:: Excerpted data

Lemma arc_to_child m (i : I (S m)) (j : I m) :
  (m < n)%nat -> (forall x, F (S m) i x -> F m j x) ->
  exists gamma, path_on01 d gamma /\ gamma 0 = p m j /\ gamma 1 = p (S m) i /\
    ((1 <= m)%nat -> forall s t, 0 <= s <= 1 -> 0 <= t <= 1 ->
       d (gamma s) (gamma t) < 1 / 2 ^ (m + 2)).
Proof.
  intros Hm Hij. destruct m as [|m].
  - destruct (HD j i) as [gamma [Hpath [H0 H1]]].
    exists gamma; repeat split; auto. intros; lia.
  - destruct (joined_by_small_arc_sym d _ _ _ (HE (S m) ltac:(lia) ltac:(lia) i j Hij))
      as [gamma [Hpath [H0 [H1 [r' [Hr' Hdiam]]]]]].
    exists gamma; repeat split; auto. intros _ s t Hs Ht.
    apply (Rle_lt_trans _ r'); auto.
Qed.

Lemma stage_extend m a G a' G' :
  stage m a G ->
  (forall j x, continuous_at open R_dist_fun (a' j) x) ->
  (forall j x, 0 <= a' j x <= 1) ->
  (forall j x, F (S m) j x -> a' j x = 1) ->
  (forall x, continuous_at open d G' x) ->
  (forall j x, 1 / 2 < a' j x -> G' x = p (S m) j) ->
  ((1 <= m)%nat -> forall x, d (G x) (G' x) < 1 / 2 ^ (m + 2)) ->
  stage (S m) a' G'.
Proof.
  intros Hstage Ha'_cont Ha'_range Ha'_one HG'_cont HG'_center Hstep.
  constructor; auto.
  intros k Hk1 Hkm j x Hjx.
  replace (S m + 1)%nat with (S (m + 1)) by lia. rewrite inv_pow2_succ.
  destruct (Nat.eq_dec k (S m)) as [->|Hk].
  - rewrite (HG'_center j x) by (rewrite Ha'_one by exact Hjx; lra).
    rewrite d_self by exact Hmet.
    replace (S m + 1)%nat with (S (m + 1)) by lia. rewrite inv_pow2_succ. lra.
  - pose proof (stage_error _ _ _ Hstage k Hk1 ltac:(lia) j x Hjx).
    specialize (Hstep ltac:(lia) x).
    replace (m + 2)%nat with (S (m + 1)) in Hstep by lia.
    rewrite inv_pow2_succ in Hstep.
    pose proof (d_triangle Y d Hmet (p k j) (G x) (G' x)). lra.
Qed.
Section HodgeMatching.
Variables (R : realType) (d : nat -> nat).
Variables (D : forall n, 'M[R]_(d n.+1, d n)) (G : forall n, 'M[R]_(d n)).
Variables (Rb : forall n, 'M[R]_(d n.+1)) (Lb B : forall n, 'M[R]_(d n)).
Hypothesis D_complex : is_complex D.
Hypothesis G_ip : forall n, inner_prod_mx (G n).
Hypothesis D_svd : forall n, svd_bases (G n.+1) (G n) (D n) (Rb n) (Lb n).
Hypothesis B_hodge : hodge_basis D G Rb Lb B.

Local Notation adj := (adj R d D G).
Local Notation Rplus := (Rplus R d D G Rb).
Local Notation Lplus := (Lplus R d D G Lb).
Local Notation M := (hodge_matching D G Rb Lb B).

Lemma B_unit n : B n \in unitmx.
Proof. by case: B_hodge. Qed.

Lemma lap_form_boundary m (x : 'rV[R]_(d m.+1)) :
  x *m G m.+1 *m (x *m (D m *m adj m))^T = x *m D m *m G m *m (x *m D m)^T.
Proof. by rewrite mulmxA -(adjointP _ (G_ip m.+1) (G_ip m)). Qed.

Lemma ker_lapS m (x : 'rV[R]_(d m.+1)) :
  x *m lap D G m.+1 = 0 -> x *m adj m.+1 = 0 /\ x *m D m = 0.
Proof.
move=> xker; have := adjoint_mul_addr_eq0 (G_ip m.+2) (G_ip m.+1) xker.
rewrite lap_form_boundary (inner_prod_mx_ge0 (G_ip m)) => /(_ isT)[adj0 D0].
by split=> //; apply: inner_prod_mx_eq0 D0.
Qed.

Lemma ker_lap_adj n (x : 'rV[R]_(d n)) : x *m lap D G n = 0 -> x *m adj n = 0.
Proof.
case: n x => [|m] x xker; last by case: (ker_lapS xker).
have := adjoint_mul_addr_eq0 (G_ip 1) (G_ip 0) xker.
by rewrite !mulmx0 trmx0 mulmx0 mxE lexx => -[].
Qed.

Lemma Rplus_eigen_neq0 k (i : 'I_(d k.+1)) : Rplus i ->
  exists2 l, l != 0 & row i (Rb k) *m (D k *m adj k) = l *: row i (Rb k).
Proof.
case: (D_svd k) => _ eig _ _ _ Ri; have [l il] := eig i.
by exists l => //; apply: contraNneq Ri => l0; rewrite /Rplus il l0 scale0r.
Qed.

Lemma Rplus_boundary_scale_neq0 k (i : 'I_(d k.+1)) s (w : 'rV[R]_(d k)) :
  Rplus i -> row i (Rb k) *m D k = s *: w -> s != 0.
Proof.
move=> Ri iD; apply: contraNneq Ri => s0.
by rewrite /Rplus mulmxA iD s0 scale0r mul0mx.
Qed.
Definition atomic (t : term) : Prop := match t with App _ _ => False | _ => True end.

Fixpoint unapps (t : term) : term * list term :=
  match t with
  | App t u => (fst (unapps t), snd (unapps t) ++ [u])
  | _ => (t, [])
  end.

Lemma apps_cons h x l : apps h (x :: l) = apps (App h x) l.
Proof. reflexivity. Qed.

Lemma unapps_apps l : forall h, unapps (apps h l) = (fst (unapps h), snd (unapps h) ++ l).
Proof.
  induction l as [|x l IH]; intros h.
  - change (apps h []) with h. rewrite app_nil_r. destruct (unapps h); reflexivity.
  - rewrite apps_cons, IH. simpl. rewrite <- app_assoc. reflexivity.
Qed.

Lemma apps_inj h h' l l' :
  atomic h -> atomic h' -> apps h l = apps h' l' -> h = h' /\ l = l'.
Proof.
  intros Hh Hh' E. apply (f_equal unapps) in E. rewrite !unapps_apps in E.
  destruct h; try contradiction; destruct h'; try contradiction; inversion E; auto.
Qed.

Lemma apps_unapps t : atomic (fst (unapps t)) /\ t = apps (fst (unapps t)) (snd (unapps t)).
Proof.
  induction t as [| | |t1 [Ht1 E1] t2 _]; simpl; auto.
  split; auto. unfold apps. rewrite fold_left_app. fold (apps (fst (unapps t1)) (snd (unapps t1))).
  rewrite <- E1. reflexivity.
Qed.

Lemma subst_apps Ms l : forall h, subst Ms (apps h l) = apps (subst Ms h) (map (subst Ms) l).
Proof. induction l; intros h; [reflexivity|]. rewrite !apps_cons, IHl. reflexivity. Qed.

Fixpoint tree_ind_nested (P : tree -> Prop)
  (f : forall a Ts, Forall P Ts -> P (Node a Ts)) (T : tree) : P T :=
  match T with
  | Node a Ts => f a Ts ((fix go (l : list tree) : Forall P l :=
      match l with
      | [] => Forall_nil _
      | T' :: l' => Forall_cons _ (tree_ind_nested P f T') (go l')
      end) Ts)
  end.

Section Evaluation.
Variable X : hors.

Definition evaluates (t : term) (T : tree) : Prop := exists t', reduces X t t' /\ is_tree t' T.

Inductive evaln : nat -> term -> tree -> Prop :=
| evaln_rule n R Ms T : In R (h_rules X) -> length Ms = length (r_params R) ->
    evaln n (subst Ms (r_body R)) T -> evaln (S n) (apps (NT (r_lhs R)) Ms) T
| evaln_sym n a Ns Ts : Forall2 (evaln n) Ns Ts ->
    evaln (S n) (apps (Sym a (length Ns)) Ns) (Node a Ts).

Lemma evaln_S n : forall t T, evaln n t T -> evaln (S n) t T.
Proof.
  induction n; intros t T H; inversion H; subst.
  - eapply evaln_rule; eauto.
  - apply evaln_sym. eapply Forall2_impl; [|eassumption]. auto.
Qed.

Lemma evaln_le n m t T : n <= m -> evaln n t T -> evaln m t T.
Proof. induction 1; auto using evaln_S. Qed.

Lemma evaln_sym_inv n a r L T : evaln n (apps (Sym a r) L) T ->
  exists k Ts, n = S k /\ T = Node a Ts /\ r = length L /\ Forall2 (evaln k) L Ts.
Proof.
  intros H. inversion H; subst; match goal with E : apps _ _ = apps _ _ |- _ =>
    apply apps_inj in E as [E ?]; simpl; auto; inversion E; subst; eauto 10 end.
Qed.

Lemma evaln_nt_inv n k L T : evaln n (apps (NT k) L) T ->
  exists m R, n = S m /\ In R (h_rules X) /\ r_lhs R = k /\
    length L = length (r_params R) /\ evaln m (subst L (r_body R)) T.
Proof.
  intros H. inversion H; subst; match goal with E : apps _ _ = apps _ _ |- _ =>
    apply apps_inj in E as [E ?]; simpl; auto; inversion E; subst; eauto 10 end.
Qed.

Lemma evaln_var_inv n i L T : ~ evaln n (apps (Var i) L) T.
Proof.
  intros H. inversion H; subst; match goal with E : apps _ _ = apps _ _ |- _ =>
    apply apps_inj in E as [E ?]; simpl; auto; discriminate end.
Qed.

Lemma reduces_sym_arg a r Ns1 N N' Ns2 : reduces X N N' ->
  reduces X (apps (Sym a r) (Ns1 ++ N :: Ns2)) (apps (Sym a r) (Ns1 ++ N' :: Ns2)).
Proof.
  induction 1.
  - apply rt_step, step_sym. assumption.
  - apply rt_refl.
  - eapply rt_trans; eauto.
Qed.

Lemma reduces_sym_args a r Ns Ns' : Forall2 (reduces X) Ns Ns' -> forall pre,
  reduces X (apps (Sym a r) (pre ++ Ns)) (apps (Sym a r) (pre ++ Ns')).
Proof.
  induction 1 as [|N N' Ns Ns' HN _ IH]; intros pre.
  - apply rt_refl.
  - eapply rt_trans; [apply reduces_sym_arg, HN|].
    specialize (IH (pre ++ [N'])). rewrite <- !app_assoc in IH. exact IH.
Qed.

Lemma evaluates_step t t1 T : step X t t1 -> evaluates t1 T -> evaluates t T.
Proof.
  intros Hs [t' [Hr Ht]]. exists t'. split; auto. eapply rt_trans; [apply rt_step|]; eauto.
Qed.

Lemma evaluates_sym a Ns Ts :
  Forall2 evaluates Ns Ts -> evaluates (apps (Sym a (length Ns)) Ns) (Node a Ts).
Proof.
  intros H.
  assert (exists Ns', Forall2 (reduces X) Ns Ns' /\ Forall2 is_tree Ns' Ts) as [Ns' [Hr Ht]].
  { induction H as [|N T Ns Ts [N' [HN HT]] _ [Ns' [Hr Ht]]].
    - exists []; split; constructor.
    - exists (N' :: Ns'); split; constructor; auto. }
  exists (apps (Sym a (length Ns)) Ns'). split.
  - exact (reduces_sym_args _ _ _ _ Hr []).
  - rewrite (Forall2_length Hr). constructor. assumption.
Qed.

Lemma evaln_evaluates n : forall t T, evaln n t T -> evaluates t T.
Proof.
  induction n; intros t T H; inversion H; subst.
  - eapply evaluates_step; [apply step_rule|]; eauto.
  - apply evaluates_sym. eapply Forall2_impl; [|eassumption]. auto.
Qed.

Lemma step_evaln t t1 : step X t t1 -> forall n T, evaln n t1 T -> evaln (S n) t T.
Proof.
  induction 1 as [R Ms HR Hl | a r Ns1 N N' Ns2 _ IH]; intros n T Hb.
  - eapply evaln_rule; eauto.
  - apply evaln_sym_inv in Hb as [k [Ts [-> [-> [Er HF]]]]].
    apply Forall2_app_inv_l in HF as [T1 [T2 [HF1 [HF2 ->]]]].
    inversion HF2; subst.
    replace (length (Ns1 ++ N' :: Ns2)) with (length (Ns1 ++ N :: Ns2))
      by (rewrite !length_app; reflexivity).
    apply evaln_sym, Forall2_app; [|constructor; auto];
      eapply Forall2_impl; try eassumption; apply evaln_S.
Qed.

Lemma evaln_Forall2_bound Ns Ts : Forall2 (fun N T => exists n, evaln n N T) Ns Ts ->
  exists n, Forall2 (evaln n) Ns Ts.
Proof.
  induction 1 as [|N T Ns Ts [n Hn] _ [m Hm]].
  - exists 0; constructor.
  - exists (max n m). constructor.
    + eapply evaln_le; [|eauto]; lia.
    + eapply Forall2_impl; [|eassumption]. intros; eapply evaln_le; [|eauto]; lia.
Qed.

Lemma is_tree_evaln T : forall t, is_tree t T -> exists n, evaln n t T.
Proof.
  induction T as [a Ts IH] using tree_ind_nested. intros t H.
  inversion H as [? Ns ? HF]; subst.
  destruct (evaln_Forall2_bound Ns Ts) as [n Hn].
  { clear H. induction HF; inversion IH; subst; constructor; auto. }
  exists (S n). constructor. assumption.
Qed.

Lemma evaluates_evaln t T : evaluates t T -> exists n, evaln n t T.
Proof.
  intros [t' [Hr Ht]]. apply clos_rt_rt1n in Hr. induction Hr as [|t t1 t' Hs _ IH].
  - eapply is_tree_evaln; eauto.
  - destruct (IH Ht) as [n Hn]. exists (S n). eapply step_evaln; eauto.
Qed.

Lemma evaluates_sym_inv a r L T : evaluates (apps (Sym a r) L) T ->
  exists Ts, T = Node a Ts /\ Forall2 evaluates L Ts.
Proof.
  intros H. apply evaluates_evaln in H as [n H].
  apply evaln_sym_inv in H as [k [Ts [_ [-> [_ HF]]]]].
  exists Ts. split; auto. eapply Forall2_impl; [|eassumption]. apply evaln_evaluates.
Qed.

Definition productive_from (t : term) : Prop :=
  forall t', reduces X t t' -> exists T, evaluates t' T.

Lemma productive_from_rule R Ms : In R (h_rules X) -> length Ms = length (r_params R) ->
  productive_from (apps (NT (r_lhs R)) Ms) -> productive_from (subst Ms (r_body R)).
Proof.
  intros HR Hl HP t' Hr. apply HP. eapply rt_trans; [apply rt_step, step_rule|]; eauto.
Qed.

Lemma productive_from_args a r L :
  productive_from (apps (Sym a r) L) -> Forall productive_from L.
Proof.
  intros HP. apply Forall_forall. intros N HN t' Hr.
  apply in_split in HN as [L1 [L2 ->]].
  destruct (HP _ (reduces_sym_arg a r L1 _ _ L2 Hr)) as [T HT].
  apply evaluates_sym_inv in HT as [Ts [_ HF]].
  apply Forall2_app_inv_l in HF as [T1 [T2 [_ [HF2 _]]]].
  inversion HF2; eauto.
Qed.

End Evaluation.

Lemma Forall2_nth {B C} (R : B -> C -> Prop) xs ys : Forall2 R xs ys ->
  forall i dx dy, i < length xs -> R (nth i xs dx) (nth i ys dy).
Proof.
  induction 1; intros i dx dy Hi; simpl in *; [lia|].
  destruct i; auto. apply IHForall2. lia.
Qed.

Lemma nth_Forall2 {B C} (R : B -> C -> Prop) xs ys dx dy : length xs = length ys ->
  (forall i, i < length xs -> R (nth i xs dx) (nth i ys dy)) -> Forall2 R xs ys.
Proof.
  revert ys. induction xs; intros [|y ys] Hl H; simpl in *; try discriminate; constructor.
  - apply (H 0). lia.
  - apply IHxs; [lia|]. intros i Hi. apply (H (S i)). lia.
Qed.

Lemma Forall2_map_l_inv {B C D} (R : C -> D -> Prop) (f : B -> C) xs ys :
  Forall2 R (map f xs) ys -> Forall2 (fun x y => R (f x) y) xs ys.
Proof.
  revert ys. induction xs; intros ys H; inversion H; subst; constructor; auto.
Qed.

Lemma Forall_Forall2_map {B C D} (R : C -> D -> Prop) (f : B -> C) (g : B -> D) xs :
  Forall (fun x => R (f x) (g x)) xs -> Forall2 R (map f xs) (map g xs).
Proof. induction 1; constructor; auto. Qed.

Lemma Forall2_eq_map {B C} (f : B -> C) xs ys :
  Forall2 (fun x y => f x = y) xs ys -> ys = map f xs.
Proof. induction 1; simpl; congruence. Qed.

Lemma Forall2_impl_in {B C} (R R' : B -> C -> Prop) xs ys :
  (forall x y, In x xs -> R x y -> R' x y) -> Forall2 R xs ys -> Forall2 R' xs ys.
Proof. intros H HF. induction HF; constructor; simpl in *; auto. Qed.

Lemma Sorted_lt_NoDup l : Sorted lt l -> NoDup l.
Proof.
  intros H. apply Sorted_StronglySorted in H; [|intros x y z; lia].
  induction H as [|a l _ IH Ha]; constructor; auto.
  intros Hin. rewrite Forall_forall in Ha. specialize (Ha a Hin). lia.
Qed.

Lemma nth_map_seq {B} (f : nat -> B) r i d : i < r -> nth i (map f (seq 0 r)) d = f i.
Proof.
  intros Hi. rewrite nth_indep with (d' := f 0) by (rewrite length_map, length_seq; lia).
  rewrite map_nth, seq_nth; auto.
Qed.

Lemma bounded_choice {B} (d : B) (Q : nat -> B -> Prop) r :
  (forall i, i < r -> exists x, Q i x) -> exists f, forall i, i < r -> Q i (f i).
Proof.
  induction r as [|r IH]; intros H.
  - exists (fun _ => d). intros i Hi. lia.
  - destruct IH as [f Hf]; [intros i Hi; apply H; lia|].
    destruct (H r) as [x Hx]; [lia|].
    exists (fun i => if i =? r then x else f i). intros i Hi.
    destruct (Nat.eqb_spec i r); subst; auto. apply Hf. lia.
Qed.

::::

**What this task involves**
I need every line of the data that has the word "Variables"; please list them.

**Response**
Variables (R : realType) (d : nat -> nat).
Variables (D : forall n, 'M[R]_(d n.+1, d n)) (G : forall n, 'M[R]_(d n)).
Variables (Rb : forall n, 'M[R]_(d n.+1)) (Lb B : forall n, 'M[R]_(d n)).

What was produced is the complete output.